# [Directions]
Look below for lines that hold the string "vertex" and copy each one.

# [Source data]
Lemma geodesic_no_shortcut n f v w a : is_geodesic e n f v w -> (a.+2 <= n)%N ->
  f a <> f a.+2 /\ ~ e (f a) (f a.+2).
Proof.
move=> [walk_f min_n] lt_an; have [_ [fn fs]] := walk_f; split=> [loop | short].
  have /min_n : is_walk e (n - 2) (fun i => if (i <= a)%N then f i else f (i + 2)) v w.
    apply: (walk_splice (a := a) (m := 2) walk_f); rewrite addn2 //.
      by rewrite loop; apply: fs.
    by move=> eq_n; rewrite loop eq_n.
  lia.
have /min_n : is_walk e (n - 1) (fun i => if (i <= a)%N then f i else f (i + 1)) v w.
  apply: (walk_splice (a := a) (m := 1) walk_f); rewrite addn1.
  - exact: ltnW.
  - by move=> _.
  - by move=> eq_n; rewrite eq_n ltnn in lt_an.
lia.
Qed.

Definition walk_weight (h : vertex Z -> nat) n (f : nat -> vertex Z) :=
  (\sum_(i < n.+1) h (f i))%N.

Lemma walk_weight_replace (h : vertex Z -> nat) n f a p : (a < n)%N ->
  (h p < h (f a.+1))%N ->
  (walk_weight h n (fun i => if i == a.+1 then p else f i) < walk_weight h n f)%N.
Proof.
move=> lt_an lt_p; have ord_a : (a.+1 < n.+1)%N by [].
rewrite /walk_weight (bigD1 (Ordinal ord_a)) //= eqxx.
rewrite [X in (_ < X)%N](bigD1 (Ordinal ord_a)) //=.
rewrite (eq_bigr (fun i : 'I_n.+1 => h (f i))) ?ltn_add2r // => i ne_ia.
by rewrite ifN_eq // -(inj_eq val_inj).
Qed.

# [Completed task]
Definition walk_weight (h : vertex Z -> nat) n (f : nat -> vertex Z) :=
Lemma walk_weight_replace (h : vertex Z -> nat) n f a p : (a < n)%N ->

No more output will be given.